PROBLEM REQUIREMENTS
Below are records; report how many of their lines contain the word "nodes", giving only the number.

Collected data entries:

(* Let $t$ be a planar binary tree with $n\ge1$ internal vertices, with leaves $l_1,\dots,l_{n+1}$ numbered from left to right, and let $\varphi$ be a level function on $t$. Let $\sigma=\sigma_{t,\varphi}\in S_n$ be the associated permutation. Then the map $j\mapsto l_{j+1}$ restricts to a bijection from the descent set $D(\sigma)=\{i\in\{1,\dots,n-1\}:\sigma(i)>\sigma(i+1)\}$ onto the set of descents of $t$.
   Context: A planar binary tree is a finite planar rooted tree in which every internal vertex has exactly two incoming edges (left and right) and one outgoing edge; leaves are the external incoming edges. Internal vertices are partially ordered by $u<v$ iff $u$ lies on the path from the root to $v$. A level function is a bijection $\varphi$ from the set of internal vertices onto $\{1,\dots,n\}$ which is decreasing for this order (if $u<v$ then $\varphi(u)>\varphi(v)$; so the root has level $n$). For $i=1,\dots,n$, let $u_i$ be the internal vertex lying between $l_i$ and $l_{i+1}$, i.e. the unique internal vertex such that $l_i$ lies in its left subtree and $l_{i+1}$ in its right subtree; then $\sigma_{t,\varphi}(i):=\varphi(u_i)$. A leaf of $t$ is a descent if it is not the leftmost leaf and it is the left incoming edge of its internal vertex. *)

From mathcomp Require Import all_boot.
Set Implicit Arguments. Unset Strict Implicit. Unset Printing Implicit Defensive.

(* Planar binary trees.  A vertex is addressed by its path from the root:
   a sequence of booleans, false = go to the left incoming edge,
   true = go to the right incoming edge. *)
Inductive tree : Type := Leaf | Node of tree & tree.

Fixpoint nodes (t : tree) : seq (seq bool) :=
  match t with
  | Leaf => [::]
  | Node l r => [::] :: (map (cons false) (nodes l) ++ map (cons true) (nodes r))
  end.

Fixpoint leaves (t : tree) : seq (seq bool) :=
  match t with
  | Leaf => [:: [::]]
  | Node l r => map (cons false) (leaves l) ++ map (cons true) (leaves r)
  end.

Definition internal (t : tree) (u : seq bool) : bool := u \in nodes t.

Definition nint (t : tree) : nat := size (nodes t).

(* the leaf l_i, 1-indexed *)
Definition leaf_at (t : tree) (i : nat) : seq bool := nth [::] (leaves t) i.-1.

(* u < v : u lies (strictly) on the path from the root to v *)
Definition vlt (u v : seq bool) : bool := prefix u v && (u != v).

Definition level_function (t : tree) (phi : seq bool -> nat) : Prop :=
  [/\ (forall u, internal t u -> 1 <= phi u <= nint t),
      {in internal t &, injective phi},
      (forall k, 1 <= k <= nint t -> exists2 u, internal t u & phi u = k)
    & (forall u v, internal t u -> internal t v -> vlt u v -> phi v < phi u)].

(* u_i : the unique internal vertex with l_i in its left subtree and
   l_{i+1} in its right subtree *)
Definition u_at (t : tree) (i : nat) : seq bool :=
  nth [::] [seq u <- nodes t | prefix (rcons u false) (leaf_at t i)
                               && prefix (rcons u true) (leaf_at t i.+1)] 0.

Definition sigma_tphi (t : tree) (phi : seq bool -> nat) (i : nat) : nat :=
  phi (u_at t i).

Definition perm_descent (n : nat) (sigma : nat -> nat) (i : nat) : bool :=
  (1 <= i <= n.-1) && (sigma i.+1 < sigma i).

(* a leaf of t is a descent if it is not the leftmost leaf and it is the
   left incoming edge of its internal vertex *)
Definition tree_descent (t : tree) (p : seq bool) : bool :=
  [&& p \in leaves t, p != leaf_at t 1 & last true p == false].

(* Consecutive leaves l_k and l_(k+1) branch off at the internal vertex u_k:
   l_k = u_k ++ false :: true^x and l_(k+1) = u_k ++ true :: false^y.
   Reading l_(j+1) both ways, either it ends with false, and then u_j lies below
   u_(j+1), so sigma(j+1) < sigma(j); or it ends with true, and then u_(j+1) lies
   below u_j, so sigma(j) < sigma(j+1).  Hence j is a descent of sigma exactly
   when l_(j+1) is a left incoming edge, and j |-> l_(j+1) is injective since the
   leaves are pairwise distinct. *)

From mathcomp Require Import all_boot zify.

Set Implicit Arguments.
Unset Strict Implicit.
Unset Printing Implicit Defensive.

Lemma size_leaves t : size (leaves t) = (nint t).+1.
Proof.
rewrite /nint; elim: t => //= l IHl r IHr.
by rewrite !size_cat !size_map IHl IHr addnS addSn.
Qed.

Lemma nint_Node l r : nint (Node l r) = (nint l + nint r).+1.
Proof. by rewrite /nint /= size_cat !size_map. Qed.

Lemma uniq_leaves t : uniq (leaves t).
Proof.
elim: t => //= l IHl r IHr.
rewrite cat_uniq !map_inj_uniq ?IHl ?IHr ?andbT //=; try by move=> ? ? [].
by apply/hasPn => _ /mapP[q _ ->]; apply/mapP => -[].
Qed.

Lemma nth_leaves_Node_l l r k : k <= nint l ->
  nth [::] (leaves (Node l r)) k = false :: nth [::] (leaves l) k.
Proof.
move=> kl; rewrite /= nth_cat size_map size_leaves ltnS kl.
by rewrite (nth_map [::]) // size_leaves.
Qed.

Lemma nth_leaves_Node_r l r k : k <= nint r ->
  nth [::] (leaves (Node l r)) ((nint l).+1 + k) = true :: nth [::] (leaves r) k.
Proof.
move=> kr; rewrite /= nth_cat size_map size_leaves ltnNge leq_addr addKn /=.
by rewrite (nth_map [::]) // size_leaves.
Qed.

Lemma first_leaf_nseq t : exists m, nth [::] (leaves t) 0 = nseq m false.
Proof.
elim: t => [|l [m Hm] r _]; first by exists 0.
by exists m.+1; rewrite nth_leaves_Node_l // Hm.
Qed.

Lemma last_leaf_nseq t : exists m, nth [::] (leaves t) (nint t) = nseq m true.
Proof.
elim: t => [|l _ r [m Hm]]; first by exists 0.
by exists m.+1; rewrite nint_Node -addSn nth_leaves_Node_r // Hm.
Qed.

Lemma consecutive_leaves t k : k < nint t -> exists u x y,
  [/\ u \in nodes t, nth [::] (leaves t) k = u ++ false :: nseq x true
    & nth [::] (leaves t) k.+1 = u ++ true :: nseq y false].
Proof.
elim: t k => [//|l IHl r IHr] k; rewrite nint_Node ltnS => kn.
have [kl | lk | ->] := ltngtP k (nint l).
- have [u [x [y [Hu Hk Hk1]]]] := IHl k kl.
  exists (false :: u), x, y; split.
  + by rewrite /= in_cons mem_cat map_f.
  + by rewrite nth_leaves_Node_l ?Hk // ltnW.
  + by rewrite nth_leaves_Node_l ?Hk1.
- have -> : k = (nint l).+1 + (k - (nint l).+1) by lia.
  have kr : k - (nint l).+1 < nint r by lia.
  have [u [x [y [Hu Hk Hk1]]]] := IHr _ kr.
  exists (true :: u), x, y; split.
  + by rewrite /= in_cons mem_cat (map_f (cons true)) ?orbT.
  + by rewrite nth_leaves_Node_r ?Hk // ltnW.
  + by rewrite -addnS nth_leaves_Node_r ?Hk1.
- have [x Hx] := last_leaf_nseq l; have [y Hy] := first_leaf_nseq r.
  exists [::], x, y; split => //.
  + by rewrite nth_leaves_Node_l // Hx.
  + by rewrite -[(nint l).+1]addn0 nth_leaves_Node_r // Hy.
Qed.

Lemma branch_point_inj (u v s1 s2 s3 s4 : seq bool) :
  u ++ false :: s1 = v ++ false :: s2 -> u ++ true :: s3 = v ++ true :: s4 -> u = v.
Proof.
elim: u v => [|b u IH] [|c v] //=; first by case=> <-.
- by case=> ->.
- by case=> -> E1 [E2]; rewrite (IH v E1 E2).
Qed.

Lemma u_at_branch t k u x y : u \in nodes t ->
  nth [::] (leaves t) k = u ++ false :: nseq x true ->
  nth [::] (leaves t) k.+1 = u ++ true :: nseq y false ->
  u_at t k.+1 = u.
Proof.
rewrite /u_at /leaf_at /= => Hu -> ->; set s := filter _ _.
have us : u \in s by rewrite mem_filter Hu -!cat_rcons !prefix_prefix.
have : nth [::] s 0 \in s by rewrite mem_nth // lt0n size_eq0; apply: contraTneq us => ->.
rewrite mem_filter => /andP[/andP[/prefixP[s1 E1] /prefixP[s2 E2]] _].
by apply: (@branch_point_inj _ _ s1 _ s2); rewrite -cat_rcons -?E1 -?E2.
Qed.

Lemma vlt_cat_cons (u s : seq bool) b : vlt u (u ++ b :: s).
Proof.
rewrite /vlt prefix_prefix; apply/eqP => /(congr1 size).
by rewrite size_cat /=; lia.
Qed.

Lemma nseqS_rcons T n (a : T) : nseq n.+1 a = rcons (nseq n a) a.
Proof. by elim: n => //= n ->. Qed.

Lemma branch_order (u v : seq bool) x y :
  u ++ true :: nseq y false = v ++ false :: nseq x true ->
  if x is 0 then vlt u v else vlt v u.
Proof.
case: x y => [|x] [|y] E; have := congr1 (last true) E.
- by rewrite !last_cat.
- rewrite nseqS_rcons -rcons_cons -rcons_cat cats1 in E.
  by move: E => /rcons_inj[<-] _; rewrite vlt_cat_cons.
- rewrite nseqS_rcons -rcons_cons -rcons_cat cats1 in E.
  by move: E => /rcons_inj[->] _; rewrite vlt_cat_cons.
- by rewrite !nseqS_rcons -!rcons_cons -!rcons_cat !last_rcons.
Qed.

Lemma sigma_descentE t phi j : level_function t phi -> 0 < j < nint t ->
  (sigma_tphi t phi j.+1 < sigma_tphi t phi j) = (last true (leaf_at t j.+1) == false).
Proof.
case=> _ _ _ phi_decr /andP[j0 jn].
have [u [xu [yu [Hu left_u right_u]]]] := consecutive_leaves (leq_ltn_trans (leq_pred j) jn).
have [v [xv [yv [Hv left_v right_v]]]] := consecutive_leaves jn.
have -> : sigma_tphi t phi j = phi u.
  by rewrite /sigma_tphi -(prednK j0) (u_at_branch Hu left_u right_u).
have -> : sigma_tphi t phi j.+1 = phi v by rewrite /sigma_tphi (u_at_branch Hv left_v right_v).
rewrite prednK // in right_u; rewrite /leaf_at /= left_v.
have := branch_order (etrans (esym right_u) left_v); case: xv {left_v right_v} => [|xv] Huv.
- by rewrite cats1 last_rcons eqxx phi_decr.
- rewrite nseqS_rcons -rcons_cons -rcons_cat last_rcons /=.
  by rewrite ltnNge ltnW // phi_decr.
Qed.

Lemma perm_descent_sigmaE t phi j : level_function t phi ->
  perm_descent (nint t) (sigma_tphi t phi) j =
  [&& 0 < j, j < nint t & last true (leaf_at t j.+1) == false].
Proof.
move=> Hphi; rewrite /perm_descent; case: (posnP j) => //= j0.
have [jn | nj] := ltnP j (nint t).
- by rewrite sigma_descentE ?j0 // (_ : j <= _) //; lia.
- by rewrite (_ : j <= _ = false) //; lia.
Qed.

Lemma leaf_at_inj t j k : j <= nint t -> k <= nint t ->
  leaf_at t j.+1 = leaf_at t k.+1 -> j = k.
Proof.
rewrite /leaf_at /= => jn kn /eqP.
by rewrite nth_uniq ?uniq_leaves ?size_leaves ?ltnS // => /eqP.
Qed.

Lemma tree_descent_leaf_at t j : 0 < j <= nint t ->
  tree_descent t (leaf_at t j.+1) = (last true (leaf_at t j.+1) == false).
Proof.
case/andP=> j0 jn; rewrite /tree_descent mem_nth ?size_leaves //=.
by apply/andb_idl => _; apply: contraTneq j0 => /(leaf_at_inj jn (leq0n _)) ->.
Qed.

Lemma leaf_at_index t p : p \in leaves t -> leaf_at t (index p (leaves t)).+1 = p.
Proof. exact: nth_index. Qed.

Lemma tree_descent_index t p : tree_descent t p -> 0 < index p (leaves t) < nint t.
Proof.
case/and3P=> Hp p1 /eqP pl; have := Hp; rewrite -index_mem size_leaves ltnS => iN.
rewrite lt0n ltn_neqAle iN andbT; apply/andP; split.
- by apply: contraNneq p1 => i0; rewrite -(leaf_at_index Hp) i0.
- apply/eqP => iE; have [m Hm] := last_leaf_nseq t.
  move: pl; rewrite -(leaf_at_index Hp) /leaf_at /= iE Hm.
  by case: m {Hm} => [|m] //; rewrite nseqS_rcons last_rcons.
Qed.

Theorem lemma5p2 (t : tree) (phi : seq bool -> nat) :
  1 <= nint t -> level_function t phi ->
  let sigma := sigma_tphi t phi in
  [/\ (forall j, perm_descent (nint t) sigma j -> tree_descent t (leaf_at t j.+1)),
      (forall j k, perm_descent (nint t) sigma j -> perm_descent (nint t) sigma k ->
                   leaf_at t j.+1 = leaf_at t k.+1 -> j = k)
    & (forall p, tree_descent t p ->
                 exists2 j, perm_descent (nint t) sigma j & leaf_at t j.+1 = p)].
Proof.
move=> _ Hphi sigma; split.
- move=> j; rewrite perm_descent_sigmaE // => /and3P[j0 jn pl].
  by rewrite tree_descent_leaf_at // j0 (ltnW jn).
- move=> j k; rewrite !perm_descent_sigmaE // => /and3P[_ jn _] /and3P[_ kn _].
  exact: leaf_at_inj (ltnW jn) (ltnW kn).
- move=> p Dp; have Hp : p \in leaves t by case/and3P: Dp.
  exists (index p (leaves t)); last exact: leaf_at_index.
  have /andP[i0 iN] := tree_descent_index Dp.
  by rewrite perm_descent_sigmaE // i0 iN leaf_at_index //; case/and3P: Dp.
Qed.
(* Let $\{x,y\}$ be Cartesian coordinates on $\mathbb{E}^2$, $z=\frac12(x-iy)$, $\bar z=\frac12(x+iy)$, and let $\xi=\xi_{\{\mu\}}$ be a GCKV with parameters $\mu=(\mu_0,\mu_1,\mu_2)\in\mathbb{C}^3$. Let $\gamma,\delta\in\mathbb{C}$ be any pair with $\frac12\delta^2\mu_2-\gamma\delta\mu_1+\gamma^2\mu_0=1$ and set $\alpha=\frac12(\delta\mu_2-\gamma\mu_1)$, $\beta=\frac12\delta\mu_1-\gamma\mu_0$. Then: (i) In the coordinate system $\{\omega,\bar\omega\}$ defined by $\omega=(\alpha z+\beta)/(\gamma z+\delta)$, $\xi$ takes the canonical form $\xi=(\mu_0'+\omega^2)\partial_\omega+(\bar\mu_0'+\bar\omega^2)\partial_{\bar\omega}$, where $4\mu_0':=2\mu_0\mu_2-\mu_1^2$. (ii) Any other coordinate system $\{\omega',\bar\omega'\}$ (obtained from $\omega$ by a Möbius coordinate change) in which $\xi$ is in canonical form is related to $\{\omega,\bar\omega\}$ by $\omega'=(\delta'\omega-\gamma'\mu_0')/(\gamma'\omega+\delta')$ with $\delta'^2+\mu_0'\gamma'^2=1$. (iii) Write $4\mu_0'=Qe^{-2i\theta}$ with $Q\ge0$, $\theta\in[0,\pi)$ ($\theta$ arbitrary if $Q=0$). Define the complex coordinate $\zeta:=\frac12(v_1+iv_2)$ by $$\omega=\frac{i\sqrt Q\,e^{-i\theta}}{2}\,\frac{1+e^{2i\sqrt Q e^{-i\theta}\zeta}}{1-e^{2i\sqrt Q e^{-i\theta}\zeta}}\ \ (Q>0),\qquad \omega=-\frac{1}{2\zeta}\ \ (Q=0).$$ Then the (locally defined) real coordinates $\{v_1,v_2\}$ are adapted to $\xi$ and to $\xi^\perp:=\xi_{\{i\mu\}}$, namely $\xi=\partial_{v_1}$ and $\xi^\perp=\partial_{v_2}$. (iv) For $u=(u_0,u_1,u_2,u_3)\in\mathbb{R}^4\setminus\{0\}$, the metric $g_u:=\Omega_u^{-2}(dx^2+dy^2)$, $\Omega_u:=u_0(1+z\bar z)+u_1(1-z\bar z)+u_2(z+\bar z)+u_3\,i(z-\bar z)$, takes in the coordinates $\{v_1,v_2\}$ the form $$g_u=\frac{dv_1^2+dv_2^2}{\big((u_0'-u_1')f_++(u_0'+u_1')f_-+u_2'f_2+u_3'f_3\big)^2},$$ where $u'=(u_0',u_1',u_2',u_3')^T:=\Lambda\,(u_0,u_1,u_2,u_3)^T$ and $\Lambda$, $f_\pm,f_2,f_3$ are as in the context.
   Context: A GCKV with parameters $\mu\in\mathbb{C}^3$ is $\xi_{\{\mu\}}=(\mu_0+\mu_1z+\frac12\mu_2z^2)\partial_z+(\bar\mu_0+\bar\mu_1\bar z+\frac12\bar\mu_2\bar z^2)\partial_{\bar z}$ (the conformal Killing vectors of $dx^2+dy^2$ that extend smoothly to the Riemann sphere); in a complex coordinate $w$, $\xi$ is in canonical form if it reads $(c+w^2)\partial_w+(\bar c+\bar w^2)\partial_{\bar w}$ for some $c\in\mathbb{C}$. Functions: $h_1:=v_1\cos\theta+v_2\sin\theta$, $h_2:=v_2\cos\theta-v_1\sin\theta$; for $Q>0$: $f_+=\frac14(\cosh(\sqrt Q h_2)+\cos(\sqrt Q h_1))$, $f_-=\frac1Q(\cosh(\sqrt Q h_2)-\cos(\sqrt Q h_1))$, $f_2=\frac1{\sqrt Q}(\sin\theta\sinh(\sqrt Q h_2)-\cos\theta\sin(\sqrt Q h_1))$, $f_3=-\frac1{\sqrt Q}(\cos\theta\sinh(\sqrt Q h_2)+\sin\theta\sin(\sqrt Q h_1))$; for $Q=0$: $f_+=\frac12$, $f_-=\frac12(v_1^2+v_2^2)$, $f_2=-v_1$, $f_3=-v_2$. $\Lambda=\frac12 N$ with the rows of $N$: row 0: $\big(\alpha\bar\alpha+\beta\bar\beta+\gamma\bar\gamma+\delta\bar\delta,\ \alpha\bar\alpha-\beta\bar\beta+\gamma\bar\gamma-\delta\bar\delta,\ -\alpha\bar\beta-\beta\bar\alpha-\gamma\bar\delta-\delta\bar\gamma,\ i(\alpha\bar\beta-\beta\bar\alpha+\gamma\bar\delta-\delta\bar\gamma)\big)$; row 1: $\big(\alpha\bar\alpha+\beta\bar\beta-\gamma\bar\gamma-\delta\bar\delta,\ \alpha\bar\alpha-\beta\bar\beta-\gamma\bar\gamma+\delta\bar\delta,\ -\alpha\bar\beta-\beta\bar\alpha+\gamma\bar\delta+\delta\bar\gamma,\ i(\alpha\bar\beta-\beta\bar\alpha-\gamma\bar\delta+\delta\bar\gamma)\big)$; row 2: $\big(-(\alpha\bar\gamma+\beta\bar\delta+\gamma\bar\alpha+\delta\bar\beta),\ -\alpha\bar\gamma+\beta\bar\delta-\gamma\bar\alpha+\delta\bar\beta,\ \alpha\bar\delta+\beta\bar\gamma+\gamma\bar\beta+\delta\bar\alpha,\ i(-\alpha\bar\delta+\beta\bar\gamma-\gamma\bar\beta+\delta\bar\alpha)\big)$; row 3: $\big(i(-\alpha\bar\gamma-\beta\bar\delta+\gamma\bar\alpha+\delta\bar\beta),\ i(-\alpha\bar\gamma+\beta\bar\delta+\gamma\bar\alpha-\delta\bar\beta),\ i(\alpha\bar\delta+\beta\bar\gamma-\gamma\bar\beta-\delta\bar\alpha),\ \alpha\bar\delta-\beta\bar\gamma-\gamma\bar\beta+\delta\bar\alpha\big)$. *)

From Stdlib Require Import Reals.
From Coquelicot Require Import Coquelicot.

SOLUTION
7